High fees associated with basic checking-account services are often thought of as a problem of very large financial institutions, which many people view as impersonal and unforgiving. But according to Pew’s research, many small banks have the same shortcomings when it comes to overdraft. The study looked at 45 small banks (defined as those with between 360 million and 1 billion in deposits, and fewer than 30 branches) and found that 42 of them offer standard overdraft protection plans—which include the ability to overdraw at an ATM or during a debit purchase—while all 45 allow for some form of overdrawing on one’s account. (Pew is clear that these 45 banks may not be representative of all small banks.) Only two of these banks clearly state that they allow for transaction reordering, while the other 43 don’t explain how they order transactions in the event of an overdraft. And all of the banks allow for at least $90 worth of overdraft fees (which can occur from actively overdrawing or passively overdrawing via scheduled payments) per day.

Perhaps the most unsettling finding in the study—and many others—has been that despite rules that prevent banks from automatically enrolling account holders in overdraft, most consumers aren’t really sure whether or not they have the service. If they do, many don’t know what types of transactions trigger the fees, how high the fees are, or how many fees they can incur. Most customers say that they would prefer for a transaction to be denied rather than overdrawing on their account and being slammed with fees later.
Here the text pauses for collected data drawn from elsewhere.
Lemma kermx_complement_decomposition N :
  exists V U : 'M[F]_n,
    [/\ (N <= V)%MS, (U <= kermx N)%MS, row_full (V + U),
        (\rank V + \rank U)%N = n & (\rank V + \rank (N *m N))%N = (\rank N + \rank N)%N].
Proof.
set K := kermx N; set U := (K :\: N)%MS; set V := (N + (N + U)^C)%MS.
exists V, U; have sub_NV : (N <= V)%MS := addsmxSl _ _.
have capNU : (N :&: U)%MS = 0 by rewrite capmxC capmx_diff.
have sub_full : ((N + U) + (N + U)^C <= V + U)%MS.
  rewrite !addsmx_sub addsmxSr (submx_trans sub_NV) ?addsmxSl //=.
  exact: submx_trans (addsmxSr N _) (addsmxSl V U).
have full : row_full (V + U).
  by rewrite -sub1mx (submx_trans _ sub_full) // sub1mx addsmx_compl_full.
have rank_U : (\rank U + \rank (K :&: N))%N = \rank K := mxrank_diffmx K N.
have rank_K : \rank K = (n - \rank N)%N := mxrank_ker N.
have rank_N2 : (\rank (N *m N) + \rank (K :&: N))%N = \rank N.
  by rewrite capmxC mxrank_mul_ker.
have rank_NU : \rank (N + U) = (\rank N + \rank U)%N := mxrank_disjoint_sum capNU.
have rank_C : \rank (N + U)^C%MS = (n - \rank (N + U))%N := mxrank_compl _.
have le_V : (\rank V <= \rank N + \rank (N + U)^C%MS)%N := mxrank_adds_leqif _ _.
have le_VU : (n <= \rank V + \rank U)%N.
  by have := mxrank_adds_leqif V U; rewrite (eqP full) => -[].
have := rank_leq_row N; have := rank_leq_col (N + U)%MS.
by split => //; [exact: diffmxSl | lia | lia].
Qed.

End FixedKernel.

Lemma conj_col_mx (F : fieldType) k m (V : 'M[F]_(k, k + m)) (U : 'M[F]_(m, k + m))
    (g : 'M[F]_(k + m)) :
  col_mx V U \in unitmx -> stablemx V g -> U *m g = U ->
  col_mx V U *m g *m invmx (col_mx V U) = block_mx (conjmx V g) 0 0 1%:M.
Proof.
move=> unitVU stVg Ug; apply: (canLR (mulmxK unitVU)).
by rewrite mul_col_mx mul_block_col !mul0mx mul1mx addr0 add0r /conjmx mulmxKpV // Ug.
Qed.

Section BlockForm.

Variable F : finFieldType.

Lemma embed_mx_block k m (A : 'M[F]_k) : embed_mx (k + m) A = block_mx A 0 0 1%:M.
Proof.
apply/matrixP => i j; rewrite mxE -[i]splitK -[j]splitK.
case: (split i) => i'; case: (split j) => j'.
- by rewrite block_mxEul /= !valK.
- rewrite block_mxEur /= valK insubN ?mxE //=; last by rewrite -ltnNge leq_addr.
  by rewrite ltn_eqF // (leq_trans (ltn_ord i')) // leq_addr.
- rewrite block_mxEdl /= insubN ?mxE //=; last by rewrite -ltnNge leq_addr.
  by rewrite gtn_eqF // (leq_trans (ltn_ord j')) // leq_addr.
- rewrite block_mxEdr /= insubN ?mxE //=; last by rewrite -ltnNge leq_addr.
  by rewrite eqn_add2l.
Qed.

Lemma exists_row_basis r n (V : 'M[F]_(r, n)) k :
  \rank V = k -> exists B : 'M[F]_(k, n), (B :=: V)%MS.
Proof. by move=> <-; exists (row_base V); exact: eq_row_base. Qed.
“The prevalence of fee-based overdraft programs at both large and small banks underscores the need for new policies to prevent ‘courtesy’ overdraft programs from being costly and unsustainable forms of short-term credit for many financially vulnerable consumers,” said Nick Bourke, director of Pew’s consumer finance project. “Regulators should set reasonable limits on overdraft fees and help banks create new small-credit options for those who want them.”

Researchers from Pew say that some straight-forward fixes, such as clearer overdraft disclosures, and better options for opting out of such protection could help consumers. Lowering caps on daily overdraft allowances could prevent racking up large amounts of debt, while preventing the practice of transaction reordering—or at least being transparent about it—could help customers with low balances avoid overdrafting in the first place.

But it may be hard to convince the financial industry to implement those fixes, after all—a CFPB study found that overdraft makes up a significant share of total fee revenue at many banks. And some consumers may worry that the inability to overdraw on an account means that critical bills or expenses might be denied or delayed due to insufficient funds, leaving them in a bind. An option that banks may be on board with involves replacing current forms of overdraft with a short-term, small-dollar overdraft-loan option. This would allow consumers to opt in to a program where they would be given a loan for any overdrawn portions of their account. Banks would receive interest, but for consumers, payments would be less aggressive and immediate than current overdraft fees. These loan programs would also be subject to credit and lending best practices, such as ability-to-repay rules.

Overdraft coverage may seem at best like a convenient way to avoid embarrassment when sending a check and, at worst, an inconvenient and pricey account feature. But for low-income families overdraft fees can seriously derail a monthly budget and push an account holder into the margins of the financial world. Many of the millions of Americans who survive without bank accounts once had them, but shuttered them—or had them involuntarily closed—because of difficulty keeping up with fees, such as overdraft. And the lack of bank accounts can push people into dangerous, high-cost products, such as payday loans, auto-title loans, or fee-laden prepaid cards. Fixing overdraft, then, may be a straightforward way to help more Americans reconnect to safer financial systems.